今回撮影しませんでしたが、ピアノとお絵かきプログラムもあります。マウスが必要です。
地球がくるくる回りベジタブルのデモンストレーションアニメ

デモプログラムを何も動作させないでいると、自動でアニメーション画面に切り替わります。地球がくるくる回り、野菜の絵が流れるデモアニメで、BGMはCPUを10MHzに設定しておくとちょうど良く合っていました。付属のデモプログラムと店頭で流されていたデモプログラムとでは種類が異なり、店頭用は続けてビジネスシーンのアニメが流れました。
UV初期に当たるのがPC-9801UV2
UV2はUV初期にあたります。モデルチェンジ機のUV21はUV中期にあたり、メインメモリが640KB標準装備(専用スロット内にPC-9801-21Kを2枚増設しただけ)となり前面パネルがVM21を模したものに変更されたのみです。後期のUV11はコンパクトな筐体に変わったことで、性能面に変更はありません。なおUV11は拡張メモリの互換性はなく、UV初期/中期からの流用はできず、買い換えざるを得ません(誰かが言っていたが、PC-9801はモデルチェンジの度お金がかかるようにできているようだ)。
PC-9801UV2のFDDは横並び

PC-9801はMS-DOSが標準で、市販ソフトを使う場合、640KB標準が条件とするものが増えてきました。そこでPC-9801-21Kを2枚専用スロット内に増設しましたが、HDDを接続すると一太郎を使うにはEMSが必須となる場面が出てきます。 サードパーティからEMSメモリが市販されており、2個ある拡張スロットの1個にはEMSメモリ、もう一つにはHDD I/Fを入れるという使い方でかなりの力を発揮できるマシンでした。

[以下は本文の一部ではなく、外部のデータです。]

(* Let $A\in\mathbb{C}^{n\times n}$, $B\in\mathbb{C}^{n\times m}$, $C\in\mathbb{C}^{p\times n}$, $D\in\mathbb{C}^{p\times m}$, $F\in\mathbb{C}^{\nu\times\nu}$ with $\mathrm{eig}(A)\cap\mathrm{eig}(F)=\emptyset$. Then for all $H\in\mathbb{C}^{m\times\nu}$ and $G\in\mathbb{C}^{\nu\times p}$, $$\mathcal{C}_{\rm p}(H)=\sum_{k=1}^{l}\sum_{j=0}^{m_k-1}(-1)^j\mathcal{M}_j(\lambda_k)\,H\,X_{k,j},\qquad \mathcal{C}_{\rm d}(G)=\sum_{k=1}^{l}\sum_{j=0}^{m_k-1}(-1)^j X_{k,j}\,G\,\mathcal{M}_j(\lambda_k).$$
   Context: The steady-state cascade (SSC) operators are defined as follows: for $H\in\mathbb{C}^{m\times\nu}$, $\mathcal{C}_{\rm p}(H)=C\Pi+DH$, where $\Pi\in\mathbb{C}^{n\times\nu}$ is the unique solution of the Sylvester equation $\Pi F - A\Pi = BH$; for $G\in\mathbb{C}^{\nu\times p}$, $\mathcal{C}_{\rm d}(G)=-MB+GD$, where $M\in\mathbb{C}^{\nu\times n}$ is the unique solution of $MA-FM=GC$. Transfer matrix $\hat\Sigma(s)=C(sI_n-A)^{-1}B+D$. For $k\in\mathbb{Z}_{\ge0}$ and $s_0\notin\mathrm{eig}(A)$, the $k$-th moment matrix is $\mathcal{M}_k(s_0)=\frac{(-1)^k}{k!}\frac{d^k}{ds^k}\hat\Sigma(s)\big|_{s=s_0}\in\mathbb{C}^{p\times m}$; equivalently $\mathcal{M}_0(s_0)=\hat\Sigma(s_0)$ and $\mathcal{M}_k(s_0)=C(s_0I_n-A)^{-(k+1)}B$ for $k\ge1$. Let $\lambda_1,\dots,\lambda_l$ be the distinct eigenvalues of $F$ with algebraic multiplicities $m_1,\dots,m_l$. Let $F=V\mathcal{J}V^{-1}$ be a Jordan decomposition with $\mathcal{J}=\mathrm{diag}(\mathcal{J}_1,\dots,\mathcal{J}_l)$, where $\mathcal{J}_k\in\mathbb{C}^{m_k\times m_k}$ collects the Jordan blocks for $\lambda_k$, written $\mathcal{J}_k=\lambda_kI_{m_k}+N_k$ with $N_k$ nilpotent. Partition $V=[V_1\ \cdots\ V_l]$ with $V_k\in\mathbb{C}^{\nu\times m_k}$ and $V^{-1}=\mathrm{col}(W_1^*,\dots,W_l^* )$ with $W_k\in\mathbb{C}^{\nu\times m_k}$ ($^*$ = conjugate transpose). Define $X_{k,j}=V_kN_k^jW_k^*\in\mathbb{C}^{\nu\times\nu}$ for $j\in\{0,\dots,m_k-1\}$. *)

(* Complex numbers are modelled as R[i] (mathcomp-real-closed
   `complex`) over an arbitrary real number field R : realType, so R[i] = C. *)
From HB Require Import structures.
From mathcomp Require Import all_boot all_order all_algebra.
From mathcomp Require Import complex.
From mathcomp Require Import reals.
Set Implicit Arguments. Unset Strict Implicit. Unset Printing Implicit Defensive.
Import Order.TTheory GRing.Theory Num.Theory.
Local Open Scope ring_scope.

Section SSC.
Variable R : realType.
Local Notation C := (R[i]).

Definition ctrmx (q r : nat) (W : 'M[C]_(q, r)) : 'M[C]_(r, q) :=
  (map_mx (@conjc R) W)^T.

Definition transfer (n m p : nat) (A : 'M[C]_n) (B : 'M[C]_(n, m))
  (Cm : 'M[C]_(p, n)) (D : 'M[C]_(p, m)) (s : C) : 'M[C]_(p, m) :=
  Cm *m invmx (s%:M - A) *m B + D.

購入当初はN88-BASIC(86)で簡単なプログラムを入力したりしていました。やがてMS-DOSの市販ソフトを使うようになり、V30搭載機とはいえ、かなり長く使用したマシンでした。
当時3.5インチフロッピーの価格が5.25インチのものより4倍位していたから、それだけが唯一のネックではありましたが、その後1年しないうちに3.5インチFDの価格は大きく値崩れしていきました。